When you have created an AI experiment, as described in Creating models and experiments, you see its basic properties and the diagnosis steps.
This section describes how to work with an experiment, and explore its possible combinations of input parameters and algorithms so you can assemble the experiment that provides results that satisfy your use case statement.
When you have created an AI experiment, you see its basic properties (Name, Description and source Dataset).

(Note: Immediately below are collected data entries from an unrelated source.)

(* Let $A\in\mathbb{R}^{m\times n}$, $b\in\mathbb{R}^m$, $f(x)=\frac12\|Ax-b\|^2$, let $L>0$ be a Lipschitz constant of $\nabla f$, $\lambda>0$, and $H(x)=f(x)+\lambda\|x\|_0$. Let $\{x_k\},\{y_k\}$ be generated by the VMEPIHT method with the choice of $H_k$ and $\alpha_k$ described in the context. Let $x^*$ be any cluster point of $\{x_k\}$ (so $x^*$ is a local minimizer of $H$), let $k_0$ be an index such that $I(y_k)=I(x_k)=I(x^* )$ for all $k\geq k_0$, and assume $\alpha_k>0$ for all $k\geq k_0$. Let $S=\{1,\dots,n\}\setminus I(x^* )$, let $Q$ be the principal submatrix of $A^TA$ indexed by $S$, and for $k\geq k_0$ let $H_k^*$ be the principal submatrix of $H_k$ indexed by $S$ and $d_k^*=-H_k^*(\nabla f(x_k))_S$. Then: (1) $\|x_k-x^*\|^2_{A^TA}$ and $\|y_k-x^*\|^2_{A^TA}$ ($k\ge k_0$) are non-increasing and tend to $0$; moreover, if $\|y_k-x^*\|^2_{A^TA}=0$ for some $k\geq k_0$, then $y_k$ is a local minimizer of $H$; (2) if there are constants $0<m\le M$ with $mI\preceq H_k\preceq MI$ for all $k$, then $\|x_k-x^*\|^2_{A^TA}$ converges to $0$ linearly, i.e. there is $c\in[0,1)$ with $\|x_{k+1}-x^*\|^2_{A^TA}\le c\,\|x_k-x^*\|^2_{A^TA}$ for all $k\ge k_0$; (3) if moreover $Q$ is positive definite and $\lim_{k\to\infty}\frac{\|((H_k^* )^{-1}-Q)d_k^*\|}{\|d_k^*\|}=0$, then $\|x_k-x^*\|$ converges to $0$ superlinearly, i.e. $\lim_{k\to\infty}\frac{\|x_{k+1}-x^*\|}{\|x_k-x^*\|}=0$.
   Context: $\|x\|_0$ is the number of nonzero components of $x$; for a symmetric positive semidefinite $B$, $\|v\|_B^2=v^TBv$. For $x\in\mathbb{R}^n$, $I(x):=\{i:x_i=0\}$; for an index set $I$, $C_I:=\{x: x_i=0\ \forall i\in I\}$; $P_C$ is the Euclidean projection onto $C$. For a vector $v$ and index set $S$, $v_S$ is the subvector of entries indexed by $S$. VMEPIHT method: fix $\mu>0$ and a starting point $y_0$. For $k=0,1,2,\dots$: choose $x_k\in\arg\min_x \lambda\|x\|_0+\frac L2\|x-y_k+\frac1L\nabla f(y_k)\|^2+\frac\mu2\|x-y_k\|^2$; then set $y_{k+1}=P_{C_{I(x_k)}}(x_k-\alpha_kH_k\nabla f(x_k))$ with $H_k,\alpha_k$ chosen as follows. Let $S_k=\{1,\dots,n\}\setminus I(x_k)$. $H_k$ is symmetric positive definite and block diagonal with respect to the splitting $S_k$, $I(x_k)$ (i.e. $(H_k)_{ij}=0$ whenever exactly one of $i,j$ lies in $S_k$); let $H_k^k$ be its principal submatrix indexed by $S_k$, $Q^k$ the principal submatrix of $A^TA$ indexed by $S_k$, $g_k=(\nabla f(x_k))_{S_k}$ and $d_k^k=-H_k^kg_k$. If $Q^kd_k^k=0$ set $\alpha_k=0$; otherwise $\alpha_k=\frac{-g_k^Td_k^k}{(d_k^k)^TQ^kd_k^k}$ (exact line search). Thus $y_{k+1}$ equals $x_k+\alpha_kd_k^k$ on $S_k$ and $0$ elsewhere. *)

From HB Require Import structures.
From mathcomp Require Import all_boot all_order all_algebra.
From mathcomp Require Import all_classical all_reals topology normedtype sequences.
Set Implicit Arguments. Unset Strict Implicit. Unset Printing Implicit Defensive.
Import Order.TTheory GRing.Theory Num.Theory.
Local Open Scope ring_scope.

Section VMEPIHT.
Variable R : realType.

Definition sqn {p : nat} (v : 'cV[R]_p) : R := \sum_i (v i 0) ^+ 2.
Definition enorm {p : nat} (v : 'cV[R]_p) : R := Num.sqrt (sqn v).

Definition qform {p : nat} (B : 'M[R]_p) (v : 'cV[R]_p) : R := (v^T *m B *m v) 0 0.

Definition l0 {n : nat} (x : 'cV[R]_n) : nat := #|[set i | x i 0 != 0]|.

Definition fobj {m n : nat} (A : 'M[R]_(m, n)) (b : 'cV[R]_m) (x : 'cV[R]_n) : R :=
  2^-1 * sqn (A *m x - b).
Definition gradf {m n : nat} (A : 'M[R]_(m, n)) (b : 'cV[R]_m) (x : 'cV[R]_n)
  : 'cV[R]_n := A^T *m (A *m x - b).

Definition Hobj {m n : nat} (A : 'M[R]_(m, n)) (b : 'cV[R]_m) (lam : R)
  (x : 'cV[R]_n) : R := fobj A b x + lam * (l0 x)%:R.

Definition Iz {n : nat} (x : 'cV[R]_n) : {set 'I_n} := [set i | x i 0 == 0].
Definition Sset {n : nat} (x : 'cV[R]_n) : {set 'I_n} := ~: Iz x.

(* Euclidean projection onto C_I = {x : x_i = 0 for all i in I}
   (closed form: zero out the coordinates in I) *)
Definition projC {n : nat} (I : {set 'I_n}) (z : 'cV[R]_n) : 'cV[R]_n :=
  \col_i (if i \in I then 0 else z i 0).

Definition psub {n : nat} (S : {set 'I_n}) (M : 'M[R]_n) : 'M[R]_#|S| :=
  \matrix_(i, j) M (enum_val i) (enum_val j).
Definition subv {n : nat} (S : {set 'I_n}) (v : 'cV[R]_n) : 'cV[R]_#|S| :=
  \col_i v (enum_val i) 0.

Definition spd {p : nat} (M : 'M[R]_p) : Prop :=
  M^T = M /\ forall v : 'cV[R]_p, v != 0 -> 0 < qform M v.

Definition block_diag {n : nat} (S : {set 'I_n}) (M : 'M[R]_n) : Prop :=
  forall i j, (i \in S) != (j \in S) -> M i j = 0.

(* exact line-search step size of the context *)
Definition alpha_rule {m n : nat} (A : 'M[R]_(m, n)) (b : 'cV[R]_m)
  (x : 'cV[R]_n) (H : 'M[R]_n) : R :=
  let S := Sset x in
  let g := subv S (gradf A b x) in
  let d := - (psub S H *m g) in
  let Q := psub S (A^T *m A) in
  if Q *m d == 0 then 0 else - (g^T *m d) 0 0 / (d^T *m Q *m d) 0 0.

Definition iht_sub {m n : nat} (A : 'M[R]_(m, n)) (b : 'cV[R]_m) (L lam mu : R)
  (y z : 'cV[R]_n) : R :=
  lam * (l0 z)%:R + L / 2 * sqn (z - y + L^-1 *: gradf A b y)
  + mu / 2 * sqn (z - y).

Definition vmepiht {m n : nat} (A : 'M[R]_(m, n)) (b : 'cV[R]_m) (L lam mu : R)
  (Hs : nat -> 'M[R]_n) (alpha : nat -> R) (x y : nat -> 'cV[R]_n) : Prop :=
  forall k,
    (forall z, iht_sub A b L lam mu (y k) (x k) <= iht_sub A b L lam mu (y k) z)
    /\ spd (Hs k) /\ block_diag (Sset (x k)) (Hs k)
    /\ alpha k = alpha_rule A b (x k) (Hs k)
    /\ y k.+1 = projC (Iz (x k)) (x k - alpha k *: (Hs k *m gradf A b (x k))).

Definition cluster_pt {n : nat} (x : nat -> 'cV[R]_n) (xs : 'cV[R]_n) : Prop :=
  forall e : R, 0 < e -> forall N : nat, exists k, (N <= k)%N /\ enorm (x k - xs) < e.

Definition local_min {n : nat} (F : 'cV[R]_n -> R) (x : 'cV[R]_n) : Prop :=
  exists2 d : R, 0 < d & forall z, enorm (z - x) < d -> F x <= F z.

End VMEPIHT.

You need to perform four further steps to enable predictive analysis.
The steps are Predicted Feature, Feature Selection, Train model and Summary Prediction Model.

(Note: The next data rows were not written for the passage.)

Theorem lemma2p5 (r n : nat) (Q : 'M[int]_(r, n)) (g : set 'cV[rat]_n)
    (Theta : set (set 'cV[rat]_r)) :
  projected_cone Q g -> bunch Q g Theta ->
  forall g1 g2, cov Q g Theta g1 -> cov Q g Theta g2 ->
    relint (Qmap Q @` g1) `&` relint (Qmap Q @` g2) !=set0.
Proof.
move=> [_ g_simpl] Theta_bunch g1 g2.
have [V [V_unit g_def]] := g_simpl; rewrite g_def => cov1 cov2.
have [S1 [-> [t1 [Theta_t1 t1_sub t1_min]]]] := cov_subcone V_unit cov1.
have [S2 [-> [t2 [Theta_t2 t2_sub t2_min]]]] := cov_subcone V_unit cov2.
have [x [x_t1 x_t2]] := bunch_relint_meet g_simpl Theta_bunch Theta_t1 Theta_t2.
exists x; rewrite !Qmap_subcone; split.
  by have [a [a_gt0 a_supp ->]] := relint_subcone_min t1_sub x_t1 t1_min;
     exact: relint_subcone_pos.
by have [a [a_gt0 a_supp ->]] := relint_subcone_min t2_sub x_t2 t2_min;
   exact: relint_subcone_pos.
Qed.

For the experiment shown above, input data was created in a Dataset called Diabetes Indian Women.
Records in this Dataset help determine if diabetes results will be positive for a given patient, based on the information held in the testresult attribute/variable, as shown in the column presented below:
The actual data was taken from the National Institute of Diabetes and Digestive and Kidney Diseases, and it includes attributes/variables such as:
•Number of times pregnant (shortened to pregnant).
•Plasma glucose concentration a 2 hours in an oral glucose tolerance test (shortened to plasma).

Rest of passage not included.